# Extracted data
Definition child_of_block (s : seq nat) (c : nat) (v : vertex) : bool :=
  if v is inr j then nth 0%N s j.-1 == c else false.

Definition gport_history (p : nat) (par : seq vertex) : Prop :=
  forall i, (i < size par)%N -> nth (inl 0%N) par i \in vertices p i.

Lemma block_history_rcons par v :
  block_history (rcons par v) =
  rcons (block_history par) (vertex_block (block_history par) v).
Proof. by rewrite /block_history foldl_rcons. Qed.

Lemma size_block_history par : size (block_history par) = size par.
Proof.
by elim/last_ind: par => // par v IH; rewrite block_history_rcons !size_rcons IH.
Qed.

Lemma take_block_history k par : take k (block_history par) = block_history (take k par).
Proof.
elim/last_ind: par => [|par v IH]; first by case: k.
have [kpar|parK] := leqP k (size par); last first.
  by rewrite !take_oversize ?size_block_history ?size_rcons.
by rewrite block_history_rcons -!cats1 !takel_cat ?size_block_history.
Qed.

Lemma nth_block_history par i : (i < size par)%N ->
  nth 0%N (block_history par) i =
  vertex_block (block_history (take i par)) (nth (inl 0%N) par i).
Proof.
move=> ipar; rewrite -(nth_take 0%N (ltnSn i)) take_block_history.
rewrite (take_nth (inl 0%N) ipar) block_history_rcons nth_rcons.
by rewrite size_block_history size_take ipar ltnn eqxx.
Qed.

Lemma mem_vertices p N v : (v \in vertices p N) =
  match v with inl j => (j <= N %/ p)%N | inr j => (0 < j <= N)%N end.
Proof.
have inl_inj : injective (@inl nat nat) by move=> ? ? [].
have inr_inj : injective (@inr nat nat) by move=> ? ? [].
rewrite mem_cat; case: v => j.
  rewrite (mem_map inl_inj) mem_iota ltnS orbC; case: mapP => // -[] //.
by rewrite (mem_map inr_inj) mem_iota add1n ltnS; case: mapP => // -[].
Qed.

Lemma uniq_vertices p N : uniq (vertices p N).
Proof.
rewrite cat_uniq !map_inj_uniq ?iota_uniq ?andbT //=; try by move=> ? ? [].
by apply/hasPn => _ /mapP[j _ ->]; rewrite !inE; apply/mapP => -[].
Qed.

Lemma vertices_node_lt p N j : inr j \in vertices p N -> (j.-1 < N)%N.
Proof. by rewrite mem_vertices => /andP[j0 jN]; rewrite (leq_trans _ jN) ?ltn_predL. Qed.

Lemma gport_history_rcons p par v :
  gport_history p (rcons par v) <-> gport_history p par /\ v \in vertices p (size par).
Proof.
split=> [hpar | [hpar hv] i].
  split=> [i ipar|]; last by have := hpar (size par); rewrite size_rcons nth_rcons ltnn eqxx; apply.
  by have := hpar i; rewrite size_rcons nth_rcons ipar; apply; apply: ltnW.
rewrite size_rcons ltnS leq_eqVlt nth_rcons => /orP[/eqP ->|ipar].
  by rewrite ltnn eqxx.
by rewrite ipar; apply: hpar.
Qed.

Lemma gport_history_take p k par : gport_history p par -> gport_history p (take k par).
Proof.
move=> hpar i; rewrite size_take_min leq_min => /andP[ik ipar].
by rewrite nth_take //; apply: hpar.
Qed.

Lemma gport_history_vertices p par v : gport_history p par ->
  v \in par -> v \in vertices p (size par).
Proof.
move=> hpar /(nthP (inl 0%N)) [i ipar <-]; move: (hpar i ipar).
rewrite !mem_vertices; case: (nth _ par i) => j.
  by move/leq_trans; apply; apply: leq_div2r; apply: ltnW.
by case/andP=> -> /leq_trans; apply; apply: ltnW.
Qed.

Lemma gport_dist_history (R : realFieldType) (alpha ell : R) p N x :
  x \in gport_dist alpha ell p N -> gport_history p x.2 /\ size x.2 = N.
Proof.
elim: N x => [|N IH] x /=; first by rewrite inE => /eqP -> /=; split=> // i.
move/flatten_mapP => [y /IH[hy sy] /mapP[v hv ->]] /=.
by rewrite size_rcons sy; split=> //; apply/gport_history_rcons; rewrite sy.
Qed.

Lemma nblocks_iota s m : (forall k, (k \in s) = (k < m)%N) -> nblocks s = m.
Proof.
move=> sm; have ps : undup s =i iota 0 m by move=> k; rewrite mem_undup sm mem_iota.
by rewrite /nblocks (perm_size (uniq_perm (undup_uniq s) (iota_uniq 0 m) ps)) size_iota.
Qed.

Section BlockCounts.
Variable p : nat.

Lemma mem_block_history par : gport_history p par ->
  forall k, (k \in block_history par) = (k < count is_root par)%N.
Proof.
elim/last_ind: par => [|q v IH] // /gport_history_rcons[/IH memq hv] k.
rewrite block_history_rcons mem_rcons in_cons -cats1 count_cat /= memq.
case: v hv => j /= hj; first by rewrite (nblocks_iota memq) addn1 ltnS [in RHS]leq_eqVlt.
rewrite !addn0; case: eqP => [->|//].
by rewrite -memq mem_nth // size_block_history (vertices_node_lt hj).
Qed.

Lemma nblocks_block_history par : gport_history p par ->
  nblocks (block_history par) = count is_root par.
Proof. by move/mem_block_history/nblocks_iota. Qed.

Lemma nth_block_history_lt par j : gport_history p par -> (j < size par)%N ->
  (nth 0%N (block_history par) j < count is_root par)%N.
Proof.
by move=> hpar jpar; rewrite -mem_block_history // mem_nth // size_block_history.
Qed.

Lemma count_block_history par c : gport_history p par -> (c < count is_root par)%N ->
  count_mem c (block_history par) = (count (child_of_block (block_history par) c) par).+1.
Proof.
elim/last_ind: par => [|q v IH] // hqv; have /gport_history_rcons[hq hv] := hqv.
set s := block_history q.
have child_rcons b : count (child_of_block (rcons s b) c) q = count (child_of_block s c) q.
  apply: eq_in_count => -[] // j /(gport_history_vertices hq)/vertices_node_lt jq /=.
  by rewrite nth_rcons size_block_history jq.
rewrite block_history_rcons -/s -[rcons q v]cats1 !count_cat child_rcons -cats1 count_cat.
case: v hv hqv => j /= hj hqv; last first.
  by rewrite !addn0 => cq; rewrite IH // nth_cat size_block_history (vertices_node_lt hj).
have ms : nblocks s = count is_root q by apply: nblocks_block_history.
rewrite addn1 ltnS leq_eqVlt ms => /orP[/eqP ->|cq]; last by rewrite IH // (gtn_eqF cq).
have -> : count_mem (count is_root q) s = 0%N.
  by apply/count_memPn; rewrite mem_block_history // ltnn.
rewrite eqxx (eq_in_count (a2 := pred0)) ?count_pred0 // => -[] // i.
by move/(gport_history_vertices hq)/vertices_node_lt => iq /=; rewrite ltn_eqF ?nth_block_history_lt.
Qed.

End BlockCounts.

Lemma count_nth_iota1 (s : seq nat) N c : size s = N ->
  count (fun j => nth 0%N s j.-1 == c) (iota 1%N N) = count_mem c s.
Proof.
by move=> <-; rewrite -(addn0 1%N) iotaDl count_map -{3}(mkseq_nth 0%N s) count_map.
Qed.

Section Transition.
Variables (R : realFieldType) (alpha ell : R) (p : nat).
Hypothesis alpha1 : 1 + alpha != 0.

# Problem to work on
Each entry needs to be written out again, exactly as given.

# Solution to this task
Definition child_of_block (s : seq nat) (c : nat) (v : vertex) : bool :=
  if v is inr j then nth 0%N s j.-1 == c else false.

Definition gport_history (p : nat) (par : seq vertex) : Prop :=
  forall i, (i < size par)%N -> nth (inl 0%N) par i \in vertices p i.

Lemma block_history_rcons par v :
  block_history (rcons par v) =
  rcons (block_history par) (vertex_block (block_history par) v).
Proof. by rewrite /block_history foldl_rcons. Qed.

Lemma size_block_history par : size (block_history par) = size par.
Proof.
by elim/last_ind: par => // par v IH; rewrite block_history_rcons !size_rcons IH.
Qed.

Lemma take_block_history k par : take k (block_history par) = block_history (take k par).
Proof.
elim/last_ind: par => [|par v IH]; first by case: k.
have [kpar|parK] := leqP k (size par); last first.
  by rewrite !take_oversize ?size_block_history ?size_rcons.
by rewrite block_history_rcons -!cats1 !takel_cat ?size_block_history.
Qed.

Lemma nth_block_history par i : (i < size par)%N ->
  nth 0%N (block_history par) i =
  vertex_block (block_history (take i par)) (nth (inl 0%N) par i).
Proof.
move=> ipar; rewrite -(nth_take 0%N (ltnSn i)) take_block_history.
rewrite (take_nth (inl 0%N) ipar) block_history_rcons nth_rcons.
by rewrite size_block_history size_take ipar ltnn eqxx.
Qed.

Lemma mem_vertices p N v : (v \in vertices p N) =
  match v with inl j => (j <= N %/ p)%N | inr j => (0 < j <= N)%N end.
Proof.
have inl_inj : injective (@inl nat nat) by move=> ? ? [].
have inr_inj : injective (@inr nat nat) by move=> ? ? [].
rewrite mem_cat; case: v => j.
  rewrite (mem_map inl_inj) mem_iota ltnS orbC; case: mapP => // -[] //.
by rewrite (mem_map inr_inj) mem_iota add1n ltnS; case: mapP => // -[].
Qed.

Lemma uniq_vertices p N : uniq (vertices p N).
Proof.
rewrite cat_uniq !map_inj_uniq ?iota_uniq ?andbT //=; try by move=> ? ? [].
by apply/hasPn => _ /mapP[j _ ->]; rewrite !inE; apply/mapP => -[].
Qed.

Lemma vertices_node_lt p N j : inr j \in vertices p N -> (j.-1 < N)%N.
Proof. by rewrite mem_vertices => /andP[j0 jN]; rewrite (leq_trans _ jN) ?ltn_predL. Qed.

Lemma gport_history_rcons p par v :
  gport_history p (rcons par v) <-> gport_history p par /\ v \in vertices p (size par).
Proof.
split=> [hpar | [hpar hv] i].
  split=> [i ipar|]; last by have := hpar (size par); rewrite size_rcons nth_rcons ltnn eqxx; apply.
  by have := hpar i; rewrite size_rcons nth_rcons ipar; apply; apply: ltnW.
rewrite size_rcons ltnS leq_eqVlt nth_rcons => /orP[/eqP ->|ipar].
  by rewrite ltnn eqxx.
by rewrite ipar; apply: hpar.
Qed.

Lemma gport_history_take p k par : gport_history p par -> gport_history p (take k par).
Proof.
move=> hpar i; rewrite size_take_min leq_min => /andP[ik ipar].
by rewrite nth_take //; apply: hpar.
Qed.

Lemma gport_history_vertices p par v : gport_history p par ->
  v \in par -> v \in vertices p (size par).
Proof.
move=> hpar /(nthP (inl 0%N)) [i ipar <-]; move: (hpar i ipar).
rewrite !mem_vertices; case: (nth _ par i) => j.
  by move/leq_trans; apply; apply: leq_div2r; apply: ltnW.
by case/andP=> -> /leq_trans; apply; apply: ltnW.
Qed.

Lemma gport_dist_history (R : realFieldType) (alpha ell : R) p N x :
  x \in gport_dist alpha ell p N -> gport_history p x.2 /\ size x.2 = N.
Proof.
elim: N x => [|N IH] x /=; first by rewrite inE => /eqP -> /=; split=> // i.
move/flatten_mapP => [y /IH[hy sy] /mapP[v hv ->]] /=.
by rewrite size_rcons sy; split=> //; apply/gport_history_rcons; rewrite sy.
Qed.

Lemma nblocks_iota s m : (forall k, (k \in s) = (k < m)%N) -> nblocks s = m.
Proof.
move=> sm; have ps : undup s =i iota 0 m by move=> k; rewrite mem_undup sm mem_iota.
by rewrite /nblocks (perm_size (uniq_perm (undup_uniq s) (iota_uniq 0 m) ps)) size_iota.
Qed.

Section BlockCounts.
Variable p : nat.

Lemma mem_block_history par : gport_history p par ->
  forall k, (k \in block_history par) = (k < count is_root par)%N.
Proof.
elim/last_ind: par => [|q v IH] // /gport_history_rcons[/IH memq hv] k.
rewrite block_history_rcons mem_rcons in_cons -cats1 count_cat /= memq.
case: v hv => j /= hj; first by rewrite (nblocks_iota memq) addn1 ltnS [in RHS]leq_eqVlt.
rewrite !addn0; case: eqP => [->|//].
by rewrite -memq mem_nth // size_block_history (vertices_node_lt hj).
Qed.

Lemma nblocks_block_history par : gport_history p par ->
  nblocks (block_history par) = count is_root par.
Proof. by move/mem_block_history/nblocks_iota. Qed.

Lemma nth_block_history_lt par j : gport_history p par -> (j < size par)%N ->
  (nth 0%N (block_history par) j < count is_root par)%N.
Proof.
by move=> hpar jpar; rewrite -mem_block_history // mem_nth // size_block_history.
Qed.

Lemma count_block_history par c : gport_history p par -> (c < count is_root par)%N ->
  count_mem c (block_history par) = (count (child_of_block (block_history par) c) par).+1.
Proof.
elim/last_ind: par => [|q v IH] // hqv; have /gport_history_rcons[hq hv] := hqv.
set s := block_history q.
have child_rcons b : count (child_of_block (rcons s b) c) q = count (child_of_block s c) q.
  apply: eq_in_count => -[] // j /(gport_history_vertices hq)/vertices_node_lt jq /=.
  by rewrite nth_rcons size_block_history jq.
rewrite block_history_rcons -/s -[rcons q v]cats1 !count_cat child_rcons -cats1 count_cat.
case: v hv hqv => j /= hj hqv; last first.
  by rewrite !addn0 => cq; rewrite IH // nth_cat size_block_history (vertices_node_lt hj).
have ms : nblocks s = count is_root q by apply: nblocks_block_history.
rewrite addn1 ltnS leq_eqVlt ms => /orP[/eqP ->|cq]; last by rewrite IH // (gtn_eqF cq).
have -> : count_mem (count is_root q) s = 0%N.
  by apply/count_memPn; rewrite mem_block_history // ltnn.
rewrite eqxx (eq_in_count (a2 := pred0)) ?count_pred0 // => -[] // i.
by move/(gport_history_vertices hq)/vertices_node_lt => iq /=; rewrite ltn_eqF ?nth_block_history_lt.
Qed.

End BlockCounts.

Lemma count_nth_iota1 (s : seq nat) N c : size s = N ->
  count (fun j => nth 0%N s j.-1 == c) (iota 1%N N) = count_mem c s.
Proof.
by move=> <-; rewrite -(addn0 1%N) iotaDl count_map -{3}(mkseq_nth 0%N s) count_map.
Qed.

Section Transition.
Variables (R : realFieldType) (alpha ell : R) (p : nat).
Hypothesis alpha1 : 1 + alpha != 0.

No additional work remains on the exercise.